> [Entries shown]:
☆ ☆ ☆ ☆ ☆

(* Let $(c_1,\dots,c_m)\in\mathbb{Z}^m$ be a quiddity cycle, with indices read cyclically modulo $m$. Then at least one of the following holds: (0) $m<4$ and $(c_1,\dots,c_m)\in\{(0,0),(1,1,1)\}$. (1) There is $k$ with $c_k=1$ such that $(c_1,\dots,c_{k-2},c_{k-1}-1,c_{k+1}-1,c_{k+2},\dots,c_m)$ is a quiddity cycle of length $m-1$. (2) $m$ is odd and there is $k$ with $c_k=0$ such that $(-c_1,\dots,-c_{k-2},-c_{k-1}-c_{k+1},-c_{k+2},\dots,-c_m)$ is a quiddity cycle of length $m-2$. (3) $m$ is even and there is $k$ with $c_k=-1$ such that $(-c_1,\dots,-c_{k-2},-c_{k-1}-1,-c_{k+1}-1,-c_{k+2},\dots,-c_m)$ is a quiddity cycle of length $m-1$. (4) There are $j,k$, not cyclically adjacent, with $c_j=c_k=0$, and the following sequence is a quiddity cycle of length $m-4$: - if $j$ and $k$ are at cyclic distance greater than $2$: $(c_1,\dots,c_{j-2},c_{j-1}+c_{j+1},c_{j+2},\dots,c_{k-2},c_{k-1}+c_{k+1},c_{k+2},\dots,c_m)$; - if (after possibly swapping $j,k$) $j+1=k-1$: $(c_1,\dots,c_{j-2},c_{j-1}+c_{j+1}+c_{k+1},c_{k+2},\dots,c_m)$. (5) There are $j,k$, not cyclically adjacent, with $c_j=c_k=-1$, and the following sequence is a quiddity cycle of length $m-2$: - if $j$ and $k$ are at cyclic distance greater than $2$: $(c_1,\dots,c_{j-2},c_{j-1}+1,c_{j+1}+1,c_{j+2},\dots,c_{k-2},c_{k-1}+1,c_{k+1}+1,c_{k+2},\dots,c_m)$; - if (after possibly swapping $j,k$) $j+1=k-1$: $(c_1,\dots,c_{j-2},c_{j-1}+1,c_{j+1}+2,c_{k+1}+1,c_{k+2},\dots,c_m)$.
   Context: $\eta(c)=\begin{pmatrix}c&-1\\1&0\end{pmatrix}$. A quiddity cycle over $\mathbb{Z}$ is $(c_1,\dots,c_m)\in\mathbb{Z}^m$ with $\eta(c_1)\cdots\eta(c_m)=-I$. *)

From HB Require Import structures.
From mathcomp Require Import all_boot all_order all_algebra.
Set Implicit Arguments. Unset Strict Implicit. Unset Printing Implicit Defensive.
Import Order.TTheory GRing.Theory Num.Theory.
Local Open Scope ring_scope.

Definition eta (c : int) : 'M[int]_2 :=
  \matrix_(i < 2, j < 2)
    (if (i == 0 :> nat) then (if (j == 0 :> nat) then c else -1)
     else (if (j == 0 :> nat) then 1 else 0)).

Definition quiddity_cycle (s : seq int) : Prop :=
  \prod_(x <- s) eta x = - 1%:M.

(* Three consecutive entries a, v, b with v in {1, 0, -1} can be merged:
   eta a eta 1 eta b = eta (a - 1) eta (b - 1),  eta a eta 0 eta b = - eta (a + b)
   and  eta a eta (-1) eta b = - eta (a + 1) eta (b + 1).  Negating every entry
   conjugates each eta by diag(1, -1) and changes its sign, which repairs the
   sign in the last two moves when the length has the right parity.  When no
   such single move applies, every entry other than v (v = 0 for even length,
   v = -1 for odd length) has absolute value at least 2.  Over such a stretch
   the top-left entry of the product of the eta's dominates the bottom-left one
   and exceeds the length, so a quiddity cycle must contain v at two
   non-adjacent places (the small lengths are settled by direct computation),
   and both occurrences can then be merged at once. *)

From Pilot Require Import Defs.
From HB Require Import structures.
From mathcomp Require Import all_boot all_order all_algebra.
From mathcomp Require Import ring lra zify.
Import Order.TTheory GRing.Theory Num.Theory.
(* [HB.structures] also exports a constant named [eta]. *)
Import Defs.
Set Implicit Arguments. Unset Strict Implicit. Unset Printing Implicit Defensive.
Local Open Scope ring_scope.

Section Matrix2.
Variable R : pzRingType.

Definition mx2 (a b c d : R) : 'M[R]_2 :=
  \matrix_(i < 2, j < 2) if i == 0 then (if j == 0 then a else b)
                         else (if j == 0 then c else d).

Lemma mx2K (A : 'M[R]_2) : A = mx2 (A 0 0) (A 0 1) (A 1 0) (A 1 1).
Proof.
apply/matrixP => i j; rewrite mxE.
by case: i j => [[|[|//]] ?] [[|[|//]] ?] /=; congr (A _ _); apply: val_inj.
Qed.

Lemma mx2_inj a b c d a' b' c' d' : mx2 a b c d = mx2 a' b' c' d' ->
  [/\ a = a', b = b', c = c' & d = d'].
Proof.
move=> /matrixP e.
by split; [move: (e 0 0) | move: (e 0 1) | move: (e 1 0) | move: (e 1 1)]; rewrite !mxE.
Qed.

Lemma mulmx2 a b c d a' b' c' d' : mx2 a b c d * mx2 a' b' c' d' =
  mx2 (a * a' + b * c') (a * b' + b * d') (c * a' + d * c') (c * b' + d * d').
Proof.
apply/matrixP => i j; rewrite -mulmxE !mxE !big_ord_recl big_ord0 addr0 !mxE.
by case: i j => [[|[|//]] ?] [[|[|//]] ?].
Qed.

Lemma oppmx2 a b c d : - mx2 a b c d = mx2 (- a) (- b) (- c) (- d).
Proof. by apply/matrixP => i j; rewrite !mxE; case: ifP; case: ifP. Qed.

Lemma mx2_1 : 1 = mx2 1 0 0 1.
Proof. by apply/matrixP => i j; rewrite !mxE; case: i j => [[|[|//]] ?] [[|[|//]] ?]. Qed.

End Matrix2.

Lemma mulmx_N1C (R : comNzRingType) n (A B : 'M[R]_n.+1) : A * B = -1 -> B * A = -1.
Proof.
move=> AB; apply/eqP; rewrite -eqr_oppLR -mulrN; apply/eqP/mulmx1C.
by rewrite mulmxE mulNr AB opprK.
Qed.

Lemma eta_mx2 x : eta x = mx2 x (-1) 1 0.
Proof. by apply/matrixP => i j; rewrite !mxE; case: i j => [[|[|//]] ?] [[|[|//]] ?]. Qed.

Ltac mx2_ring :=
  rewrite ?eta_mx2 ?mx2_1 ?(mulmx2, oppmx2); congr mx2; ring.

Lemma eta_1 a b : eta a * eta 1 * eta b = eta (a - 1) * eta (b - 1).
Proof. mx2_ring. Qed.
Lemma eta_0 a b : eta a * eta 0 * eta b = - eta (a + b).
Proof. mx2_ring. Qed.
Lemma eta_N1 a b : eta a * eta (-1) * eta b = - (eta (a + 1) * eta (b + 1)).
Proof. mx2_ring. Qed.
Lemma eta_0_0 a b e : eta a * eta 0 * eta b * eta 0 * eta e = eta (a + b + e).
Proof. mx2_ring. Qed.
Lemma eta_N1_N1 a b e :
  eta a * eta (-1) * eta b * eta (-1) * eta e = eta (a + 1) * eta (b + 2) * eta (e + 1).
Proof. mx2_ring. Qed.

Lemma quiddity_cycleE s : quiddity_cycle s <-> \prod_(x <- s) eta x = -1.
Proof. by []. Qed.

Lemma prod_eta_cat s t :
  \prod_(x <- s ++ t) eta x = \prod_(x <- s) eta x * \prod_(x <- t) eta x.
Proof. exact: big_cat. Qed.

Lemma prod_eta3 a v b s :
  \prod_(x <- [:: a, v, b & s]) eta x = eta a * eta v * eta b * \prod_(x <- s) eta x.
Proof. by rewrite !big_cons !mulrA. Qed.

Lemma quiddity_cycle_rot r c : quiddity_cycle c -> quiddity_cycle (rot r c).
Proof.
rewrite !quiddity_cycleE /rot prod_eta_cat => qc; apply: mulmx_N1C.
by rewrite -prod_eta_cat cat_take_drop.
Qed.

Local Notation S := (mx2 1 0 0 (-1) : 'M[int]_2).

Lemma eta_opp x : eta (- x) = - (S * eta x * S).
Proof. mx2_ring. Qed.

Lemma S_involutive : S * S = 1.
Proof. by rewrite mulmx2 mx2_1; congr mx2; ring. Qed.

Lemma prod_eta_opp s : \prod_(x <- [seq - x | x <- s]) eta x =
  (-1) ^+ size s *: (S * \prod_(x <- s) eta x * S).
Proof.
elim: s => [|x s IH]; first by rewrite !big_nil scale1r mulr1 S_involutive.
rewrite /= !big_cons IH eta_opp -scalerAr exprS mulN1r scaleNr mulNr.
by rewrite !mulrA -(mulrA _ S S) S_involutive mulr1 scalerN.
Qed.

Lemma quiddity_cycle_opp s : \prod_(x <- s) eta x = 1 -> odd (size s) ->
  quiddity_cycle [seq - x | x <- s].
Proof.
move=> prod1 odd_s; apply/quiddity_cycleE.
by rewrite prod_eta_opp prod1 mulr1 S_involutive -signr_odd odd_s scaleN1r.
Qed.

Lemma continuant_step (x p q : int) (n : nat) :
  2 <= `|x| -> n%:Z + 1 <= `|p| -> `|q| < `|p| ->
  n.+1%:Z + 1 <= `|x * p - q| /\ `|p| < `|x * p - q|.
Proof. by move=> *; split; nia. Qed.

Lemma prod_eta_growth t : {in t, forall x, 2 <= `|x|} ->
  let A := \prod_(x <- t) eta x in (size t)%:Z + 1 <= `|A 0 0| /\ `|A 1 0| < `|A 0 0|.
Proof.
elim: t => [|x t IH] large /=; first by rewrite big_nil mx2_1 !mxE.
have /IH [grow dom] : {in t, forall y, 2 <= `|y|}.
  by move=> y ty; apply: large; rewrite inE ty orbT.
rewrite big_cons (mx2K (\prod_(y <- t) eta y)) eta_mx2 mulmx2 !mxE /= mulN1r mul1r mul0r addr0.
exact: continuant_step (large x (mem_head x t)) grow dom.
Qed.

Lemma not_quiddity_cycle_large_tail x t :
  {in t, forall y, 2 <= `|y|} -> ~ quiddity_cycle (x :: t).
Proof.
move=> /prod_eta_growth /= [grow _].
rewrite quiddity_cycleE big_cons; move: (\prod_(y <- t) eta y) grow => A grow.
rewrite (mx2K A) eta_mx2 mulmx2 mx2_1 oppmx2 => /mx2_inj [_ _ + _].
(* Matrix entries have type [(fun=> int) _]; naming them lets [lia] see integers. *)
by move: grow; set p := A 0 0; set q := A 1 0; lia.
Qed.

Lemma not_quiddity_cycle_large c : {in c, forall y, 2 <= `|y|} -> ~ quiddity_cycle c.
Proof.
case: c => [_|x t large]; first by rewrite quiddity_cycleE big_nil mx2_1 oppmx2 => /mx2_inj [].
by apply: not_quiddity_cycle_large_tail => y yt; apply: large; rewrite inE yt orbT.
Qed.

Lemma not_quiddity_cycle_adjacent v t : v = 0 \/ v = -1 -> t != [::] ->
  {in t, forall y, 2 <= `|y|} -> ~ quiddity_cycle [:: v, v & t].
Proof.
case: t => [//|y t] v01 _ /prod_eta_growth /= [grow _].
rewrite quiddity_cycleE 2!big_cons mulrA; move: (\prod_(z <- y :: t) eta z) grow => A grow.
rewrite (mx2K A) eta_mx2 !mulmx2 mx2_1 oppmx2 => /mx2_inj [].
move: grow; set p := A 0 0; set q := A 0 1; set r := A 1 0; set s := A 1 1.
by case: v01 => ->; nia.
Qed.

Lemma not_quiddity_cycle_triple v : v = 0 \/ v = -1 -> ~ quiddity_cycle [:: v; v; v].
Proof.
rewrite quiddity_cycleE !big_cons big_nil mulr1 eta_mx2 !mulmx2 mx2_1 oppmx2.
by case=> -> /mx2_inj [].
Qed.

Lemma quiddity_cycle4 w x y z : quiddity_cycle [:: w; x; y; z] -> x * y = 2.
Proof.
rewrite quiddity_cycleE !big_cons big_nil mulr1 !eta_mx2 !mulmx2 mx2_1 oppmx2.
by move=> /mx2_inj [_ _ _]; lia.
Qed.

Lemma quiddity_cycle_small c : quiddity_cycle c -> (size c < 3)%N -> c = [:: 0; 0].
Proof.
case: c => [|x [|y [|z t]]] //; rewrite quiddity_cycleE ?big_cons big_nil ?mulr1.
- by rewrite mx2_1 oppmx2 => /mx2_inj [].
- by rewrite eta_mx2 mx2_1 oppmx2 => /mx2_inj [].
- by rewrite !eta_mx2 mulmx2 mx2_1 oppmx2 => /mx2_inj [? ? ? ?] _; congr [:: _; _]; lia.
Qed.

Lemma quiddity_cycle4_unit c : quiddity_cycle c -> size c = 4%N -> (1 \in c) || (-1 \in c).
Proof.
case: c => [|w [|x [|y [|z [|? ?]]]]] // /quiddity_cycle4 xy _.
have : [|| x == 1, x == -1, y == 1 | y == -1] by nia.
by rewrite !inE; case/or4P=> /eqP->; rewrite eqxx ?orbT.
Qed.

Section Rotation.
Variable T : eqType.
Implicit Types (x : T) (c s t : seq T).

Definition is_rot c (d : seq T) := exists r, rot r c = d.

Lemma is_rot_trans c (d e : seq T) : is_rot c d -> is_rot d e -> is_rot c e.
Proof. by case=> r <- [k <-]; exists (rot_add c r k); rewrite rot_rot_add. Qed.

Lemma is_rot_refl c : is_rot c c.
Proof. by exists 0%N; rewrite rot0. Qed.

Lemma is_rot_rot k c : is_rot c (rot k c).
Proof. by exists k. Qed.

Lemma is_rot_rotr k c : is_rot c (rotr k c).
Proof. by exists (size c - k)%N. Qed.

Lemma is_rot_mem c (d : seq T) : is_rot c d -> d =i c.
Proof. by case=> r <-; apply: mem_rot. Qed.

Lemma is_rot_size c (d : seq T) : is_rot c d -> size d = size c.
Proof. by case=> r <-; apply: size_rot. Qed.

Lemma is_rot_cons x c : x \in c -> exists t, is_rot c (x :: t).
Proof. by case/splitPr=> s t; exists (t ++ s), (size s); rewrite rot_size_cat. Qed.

☆ ☆ ☆ ☆ ☆

> [Work to complete]: Reproducing the whole listing above is not the task. Copy exactly only the lines from the one with "with $\eta(c_1)\cdots\eta(c_m)=-I$. *)" to the one with "and exceeds the", both kept.

> [Your response]:
   Context: $\eta(c)=\begin{pmatrix}c&-1\\1&0\end{pmatrix}$. A quiddity cycle over $\mathbb{Z}$ is $(c_1,\dots,c_m)\in\mathbb{Z}^m$ with $\eta(c_1)\cdots\eta(c_m)=-I$. *)

From HB Require Import structures.
From mathcomp Require Import all_boot all_order all_algebra.
Set Implicit Arguments. Unset Strict Implicit. Unset Printing Implicit Defensive.
Import Order.TTheory GRing.Theory Num.Theory.
Local Open Scope ring_scope.

Definition eta (c : int) : 'M[int]_2 :=
  \matrix_(i < 2, j < 2)
    (if (i == 0 :> nat) then (if (j == 0 :> nat) then c else -1)
     else (if (j == 0 :> nat) then 1 else 0)).

Definition quiddity_cycle (s : seq int) : Prop :=
  \prod_(x <- s) eta x = - 1%:M.

(* Three consecutive entries a, v, b with v in {1, 0, -1} can be merged:
   eta a eta 1 eta b = eta (a - 1) eta (b - 1),  eta a eta 0 eta b = - eta (a + b)
   and  eta a eta (-1) eta b = - eta (a + 1) eta (b + 1).  Negating every entry
   conjugates each eta by diag(1, -1) and changes its sign, which repairs the
   sign in the last two moves when the length has the right parity.  When no
   such single move applies, every entry other than v (v = 0 for even length,
   v = -1 for odd length) has absolute value at least 2.  Over such a stretch
   the top-left entry of the product of the eta's dominates the bottom-left one
   and exceeds the length, so a quiddity cycle must contain v at two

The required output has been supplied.